# Exercise instructions:
Look through the lines below and copy each one that includes "exists".

[Recorded information Boundary: Start]

Lemma Vn_le_vmax pi k h s : is_hpolicy pi -> Vn P r gamma pi k h s <= vmax%:E.
Proof.
move=> hpi; elim: k h s => [|k IH] h s /=; first by rewrite lee_fin vmax_ge0.
apply: sume_convex_le (hpi h s).1 (hpi h s).2 _ => a.
by apply: backup_le_vmax => x; [exact: Vn_ge0 | exact: IH].
Qed.

Lemma det_policyP (pi : S -> A) : is_hpolicy (@det_policy R _ _ _ pi).
Proof.
move=> h s; split=> [a|]; first by rewrite ler0n.
by rewrite /det_policy (bigD1 (pi s)) //= eqxx big1 ?addr0 // => b /negbTE ->.
Qed.

Lemma Vn_det_policy_hist (pi : S -> A) k h h' s :
  Vn P r gamma (det_policy pi) k h s = Vn P r gamma (det_policy pi) k h' s.
Proof.
elim: k h h' s => [//|k IH] h h' s /=; apply: eq_bigr => a _.
by congr (_ * (_ + _ * _)); apply: eq_integral => x _; exact: IH.
Qed.

Definition vtrunc (pi : S -> A) k s := Vn P r gamma (det_policy pi) k [::] s.

Lemma vtruncS pi k s : vtrunc pi k.+1 s = backup (pi s) (vtrunc pi k) s.
Proof.
rewrite /vtrunc /= /det_policy sume_delta /backup.
by congr (_ + _ * _); apply: eq_integral => x _; exact: Vn_det_policy_hist.
Qed.

Lemma vtrunc_ge0 pi k s : 0 <= vtrunc pi k s.
Proof. exact/Vn_ge0/det_policyP. Qed.

Lemma vtrunc_le_vmax pi k s : vtrunc pi k s <= vmax%:E.
Proof. exact/Vn_le_vmax/det_policyP. Qed.

Lemma measurable_vtrunc pi k : measurable_policy pi -> measurable_fun setT (vtrunc pi k).
Proof.
move=> /measurable_policyE mpi; elim: k => [|k IH]; first exact: measurable_cst.
have -> : vtrunc pi k.+1 = fun s => \sum_b ((pi s == b)%:R)%:E * backup b (vtrunc pi k) s.
  apply/funext => s; rewrite vtruncS.
  by under eq_bigr do rewrite eq_sym; rewrite sume_delta.
apply: emeasurable_sum => b; apply: emeasurable_funM.
  apply/measurable_EFinP.
  rewrite (_ : (fun s => _) = fun s => if pi s == b then 1%R else 0%R).
    exact: measurable_fun_ifT.
  by apply/funext => s; case: (_ == _).
by apply: measurable_backup => // x; exact: vtrunc_ge0.
Qed.

Lemma vtrunc_le_succ pi k s : vtrunc pi k s <= vtrunc pi k.+1 s.
Proof.
elim: k s => [|k IH] s; first exact: vtrunc_ge0.
rewrite vtruncS [vtrunc _ k.+2 _]vtruncS.
by apply: le_backup => x; [exact: vtrunc_ge0 | exact: IH].
Qed.

Lemma vtrunc_nondecreasing pi s : {homo vtrunc pi ^~ s : k m / (k <= m)%N >-> k <= m}.
Proof. by apply/nondecreasing_seqP => k; exact: vtrunc_le_succ. Qed.

Lemma vtrunc_tail pi k m s : measurable_policy pi ->
  vtrunc pi (k + m) s <= vtrunc pi k s + (gamma ^+ k * vmax)%:E.
Proof.
move=> mpi; elim: k s => [|k IH] s.
  by rewrite add0n expr0 mul1r add0e; exact: vtrunc_le_vmax.
rewrite addSn !vtruncS; apply: le_trans (le_backup _ _ (fun x => vtrunc_ge0 _ _ x) IH) _.
rewrite backupDr ?exprS ?mulrA //; first exact: measurable_vtrunc.
  exact: vtrunc_ge0.
by rewrite mulr_ge0 ?exprn_ge0 ?vmax_ge0.
Qed.

Local Notation V := (vdet P r gamma).

Lemma vtrunc_le_vdet pi k s : vtrunc pi k s <= V pi s.
Proof. by apply: ereal_sup_ubound; exists k. Qed.

Lemma vdet_ge0 pi s : 0 <= V pi s.
Proof. exact: le_trans (vtrunc_ge0 pi 0 s) (vtrunc_le_vdet pi 0 s). Qed.

Lemma vdet_le_vmax pi s : V pi s <= vmax%:E.
Proof. by apply: ge_ereal_sup => _ [k _ <-]; exact: vtrunc_le_vmax. Qed.

Lemma vdet_fin_num pi s : V pi s \is a fin_num.
Proof. by rewrite ge0_fin_numE ?vdet_ge0 // (le_lt_trans (vdet_le_vmax pi s)) ?ltey. Qed.

Lemma vdet_le_vtrunc pi k s : measurable_policy pi ->
  V pi s <= vtrunc pi k s + (gamma ^+ k * vmax)%:E.
Proof.
move=> mpi; apply: ge_ereal_sup => _ [m _ <-].
have [km|/ltnW mk] := leqP k m; first by rewrite -(subnKC km); exact: vtrunc_tail.
rewrite (le_trans (vtrunc_nondecreasing pi s mk)) // leeDl // lee_fin.
by rewrite mulr_ge0 ?exprn_ge0 ?vmax_ge0.
Qed.

Lemma measurable_vdet pi : measurable_policy pi -> measurable_fun setT (V pi).
Proof.
move=> mpi; have -> : V pi = fun s => esups (fun k => vtrunc pi k s) 0%N.
  apply/funext => s; rewrite /vdet /vpol /esups /sdrop /=; congr ereal_sup.
  by apply/seteqP; split=> _ [k _ <-]; exists k.
by apply: measurable_fun_esups => k; exact: measurable_vtrunc.
Qed.

Lemma backup_vdetDr pi a s (c : R) : measurable_policy pi -> (0 <= c)%R ->
  backup a (fun x => V pi x + c%:E) s = backup a (V pi) s + (gamma * c)%:E.
Proof.
by move=> mpi c_ge0; rewrite backupDr //; [exact: measurable_vdet | exact: vdet_ge0].
Qed.

Lemma Vn_first_then_hist a pi k h s : h != [::] ->
  Vn P r gamma (first_then a pi) k h s = Vn P r gamma (det_policy pi) k h s.
Proof.
elim: k h s => [//|k IH] h s h_nil /=; apply: eq_bigr => b _.
congr (_ * (_ + _ * _)); first by case: h h_nil.
by apply: eq_integral => x _; apply: IH; case: (h).
Qed.

Lemma Vn_first_thenS a pi k s :
  Vn P r gamma (first_then a pi) k.+1 [::] s = backup a (vtrunc pi k) s.
Proof.
rewrite /= sume_delta /backup; congr (_ + _ * _); apply: eq_integral => x _.
by rewrite Vn_first_then_hist //; exact: Vn_det_policy_hist.
Qed.

Lemma qdet_backup pi s a : measurable_policy pi ->
  qdet P r gamma pi s a = backup a (V pi) s.
Proof.
move=> mpi; apply/eqP; rewrite eq_le; apply/andP; split.
  apply: ge_ereal_sup => _ [[|k] _ <-]; first exact/backup_ge0/vdet_ge0.
  rewrite Vn_first_thenS.
  by apply: le_backup => x; [exact: vtrunc_ge0 | exact: vtrunc_le_vdet].
apply: (@le_of_geometric_slack _ gamma (gamma * vmax)) => [||k].
- by rewrite gamma_ge0.
- by rewrite mulr_ge0 ?vmax_ge0.
apply: le_trans (le_backup a s (vdet_ge0 pi) (fun x => vdet_le_vtrunc k x mpi)) _.
rewrite backupDr ?mulr_ge0 ?exprn_ge0 ?vmax_ge0 //; first last.
- exact: vtrunc_ge0.
- exact: measurable_vtrunc.
rewrite mulrCA leeD2r //; apply: ereal_sup_ubound.
by exists k.+1 => //; rewrite Vn_first_thenS.
Qed.

Lemma vdet_le_backup pi s : V pi s <= backup (pi s) (V pi) s.
Proof.
apply: ge_ereal_sup => _ [[|k] _ <-]; first exact/backup_ge0/vdet_ge0.
rewrite -[Vn _ _ _ _ _ _ _]/(vtrunc pi k.+1 s) vtruncS.
by apply: le_backup => x; [exact: vtrunc_ge0 | exact: vtrunc_le_vdet].
Qed.

(* By induction [V pi <= vtrunc pi' k + gamma^k vmax]; one more backup and
   [k -> oo] give the claim. *)
Lemma policy_improvement (pi pi' : S -> A) s :
  measurable_policy pi' ->
  (forall x, V pi x <= backup (pi' x) (V pi) x) ->
  backup (pi' s) (V pi) s <= V pi' s.
Proof.
move=> mpi' improves.
have step k x : (forall y, V pi y <= vtrunc pi' k y + (gamma ^+ k * vmax)%:E) ->
    backup (pi' x) (V pi) x <= vtrunc pi' k.+1 x + (gamma ^+ k.+1 * vmax)%:E.
  move=> Vk; apply: le_trans (le_backup _ _ (vdet_ge0 pi) Vk) _.
  rewrite backupDr ?mulr_ge0 ?exprn_ge0 ?vmax_ge0 ?vtruncS ?exprS ?mulrA //.
  - exact: measurable_vtrunc.
  - exact: vtrunc_ge0.
have trunc k y : V pi y <= vtrunc pi' k y + (gamma ^+ k * vmax)%:E.
  elim: k y => [|k IH] y; first by rewrite expr0 mul1r add0e vdet_le_vmax.
  exact: le_trans (improves y) (step k y IH).
apply: (@le_of_geometric_slack _ gamma (gamma * vmax)) => [||k].
- by rewrite gamma_ge0.
- by rewrite mulr_ge0 ?vmax_ge0.
apply: le_trans (step k s (trunc k)) _.
by rewrite exprSr -mulrA leeD2r // vtrunc_le_vdet.
Qed.

(* Uniform in the history [h], so that the bound survives one step of an
   arbitrary history-dependent policy. *)
Definition suboptimality_le (pi : S -> A) (e : R) := forall mu, is_hpolicy mu ->
  forall k h s, Vn P r gamma mu k h s <= V pi s + e%:E.

Lemma vstar_le_suboptimality pi e s :
  suboptimality_le pi e -> vstar P r gamma s <= V pi s + e%:E.
Proof.
move=> pi_e; apply: ge_ereal_sup => _ [mu hmu <-].
by apply: ge_ereal_sup => _ [k _ <-]; exact: pi_e.
Qed.

Lemma suboptimality_contraction (pi pi' : S -> A) (e w : R) :
  measurable_policy pi -> (0 <= e)%R -> (0 <= w)%R ->
  (forall s a, backup a (V pi) s <= backup (pi' s) (V pi) s + (4 * w)%:E) ->
  (forall s, backup (pi' s) (V pi) s <= V pi' s) ->
  suboptimality_le pi e -> suboptimality_le pi' (gamma * e + 4 * w).
Proof.
move=> mpi e_ge0 w_ge0 greedy improves pi_e mu hmu [|k] h s.
  by rewrite /= adde_ge0 ?vdet_ge0 // lee_fin addr_ge0 ?mulr_ge0.
rewrite /= -(fineK (vdet_fin_num pi' s)) -EFinD.
apply: sume_convex_le (hmu h s).1 (hmu h s).2 _ => a.
apply: le_trans (le_backup _ _ (fun y => Vn_ge0 _ _ y hmu) (pi_e mu hmu k _)) _.
rewrite backup_vdetDr //.
apply: le_trans (leeD2r _ (le_trans (greedy s a) (leeD2r _ (improves s)))) _.
by rewrite -(fineK (vdet_fin_num pi' s)) -!EFinD lee_fin; lra.
Qed.

Lemma capi_suboptimality_contraction (pi : S -> A) (qh : S -> A -> R) (w e : R) :
  measurable_policy pi -> measurable_policy (capi qh pi w set0) ->
  (0 <= e)%R -> (0 <= w)%R ->
  (forall s a, `|(qh s a)%:E - qdet P r gamma pi s a| <= w%:E) ->
  suboptimality_le pi e -> suboptimality_le (capi qh pi w set0) (gamma * e + 4 * w).
Proof.
move=> mpi mpi' e_ge0 w_ge0 qh_close.
pose Q s a := fine (backup a (V pi) s).
have QE s a : backup a (V pi) s = (Q s a)%:E.
  rewrite /Q fineK // ge0_fin_numE ?(backup_ge0 _ _ (vdet_ge0 pi)) //.
  by rewrite (le_lt_trans (backup_le_vmax _ _ (vdet_ge0 pi) (vdet_le_vmax pi))) ?ltey.
have qhQ s a : (`|qh s a - Q s a| <= w)%R.
  by have := qh_close s a; rewrite qdet_backup // QE -EFinB abse_EFin lee_fin.
have improves s := capi_improves pi (negbT (in_set0 s)) (qhQ s).
apply: suboptimality_contraction => // s.
- by move=> a; rewrite !QE -EFinD lee_fin; exact: (improves s).2.
apply: policy_improvement => // x.
by rewrite (le_trans (vdet_le_backup pi x)) // !QE lee_fin; exact: (improves x).1.
Qed.

Lemma suboptimality_le_vmax pi e : (vmax <= e)%R -> suboptimality_le pi e.
Proof.
move=> vmax_e mu hmu k h s; apply: le_trans (Vn_le_vmax _ _ _ hmu) _.
by rewrite -[X in X <= _]add0e leeD ?vdet_ge0 ?lee_fin.
Qed.

Lemma capi_iterates_suboptimality
    (pi : nat -> S -> A) (qh : nat -> S -> A -> R) (w : R) I :
  (0 <= w)%R -> (forall i, (i <= I)%N -> measurable_policy (pi i)) ->
  (forall i, (1 <= i <= I)%N -> forall s a,
     `|(qh i s a)%:E - qdet P r gamma (pi i.-1) s a| <= w%:E) ->
  (forall i, (1 <= i <= I)%N -> pi i = capi (qh i) (pi i.-1) w set0) ->
  forall i, (i <= I)%N -> suboptimality_le (pi i) (gamma ^+ i * vmax + 4 * w * vmax).
Proof.
move=> w_ge0 mpi qh_close update; elim=> [_|i IH lt_iI].
  by apply: suboptimality_le_vmax; rewrite expr0 mul1r lerDl !mulr_ge0 ?vmax_ge0.
have ok : (1 <= i.+1 <= I)%N by rewrite lt_iI.
have -> : (gamma ^+ i.+1 * vmax + 4 * w * vmax =
           gamma * (gamma ^+ i * vmax + 4 * w * vmax) + 4 * w)%R.
  by rewrite -{2}vmax_fixpoint exprS; ring.
rewrite (update _ ok); apply: capi_suboptimality_contraction => //.
- exact/mpi/ltnW.
- by rewrite -(update _ ok); exact: mpi.
- by rewrite addr_ge0 ?mulr_ge0 ?exprn_ge0 ?vmax_ge0.
- exact: qh_close ok.
- exact/IH/ltnW.
Qed.

End Bellman.

Theorem theorem3p5 (R : realType) (d : measure_display) (S : measurableType d)
  (n : nat) (P : 'I_n.+1 -> R.-pker S ~> S) (r : S -> 'I_n.+1 -> R)
  (gamma : R)
  (hgamma : 0 < gamma < 1)
  (hr : forall s a, 0 <= r s a <= 1)
  (hrm : forall a, measurable_fun setT (fun s => r s a))
  (omega : R) (homega : 0 < omega < 1)
  (I : nat) (hI : (I : int) = Num.ceil (ln omega / ln gamma))
  (pi : nat -> S -> 'I_n.+1) (qh : nat -> S -> 'I_n.+1 -> R)
  (hpi0 : forall a, measurable (pi 0%N @^-1` [set a]))
  (hqm : forall i a, measurable_fun setT (fun s => qh i s a))
  (hq : forall i, (1 <= i <= I)%N -> forall s a,
      (`| (qh i s a)%:E - qdet P r gamma (pi i.-1) s a | <= omega%:E)%E)
  (hupd : forall i, (1 <= i <= I)%N ->
      pi i = capi (qh i) (pi i.-1) omega set0) :
  forall s, (vstar P r gamma s - vdet P r gamma (pi I) s
             <= (5 * omega / (1 - gamma))%:E)%E.
Proof.
have [gamma_gt0 gamma_lt1] := andP hgamma; have gamma_ge0 := ltW gamma_gt0.
have [omega_gt0 _] := andP homega; have omega_ge0 := ltW omega_gt0.
have mpi := measurable_capi_iterates hpi0 hqm hupd.
have subopt := capi_iterates_suboptimality gamma_ge0 gamma_lt1 hr hrm omega_ge0
  mpi hq hupd (leqnn I).
have gamma_I : gamma ^+ I <= omega.
  by apply: expr_le_of_log_ratio => //; rewrite -[I%:R]/(I%:~R) hI ceil_ge.
move=> s; rewrite leeBlDr ?(vdet_fin_num P gamma_ge0 gamma_lt1 hr) //.
apply: le_trans (vstar_le_suboptimality s subopt) _.
rewrite addeC leeD2r ?(vdet_fin_num P gamma_ge0 gamma_lt1 hr) // lee_fin -mulrDl.
by rewrite ler_wpM2r ?vmax_ge0 //; lra.
Qed.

[Recorded information Boundary: End]

# Expected answer:
Proof. by apply: ereal_sup_ubound; exists k. Qed.
  by apply/seteqP; split=> _ [k _ <-]; exists k.
by exists k.+1 => //; rewrite Vn_first_thenS.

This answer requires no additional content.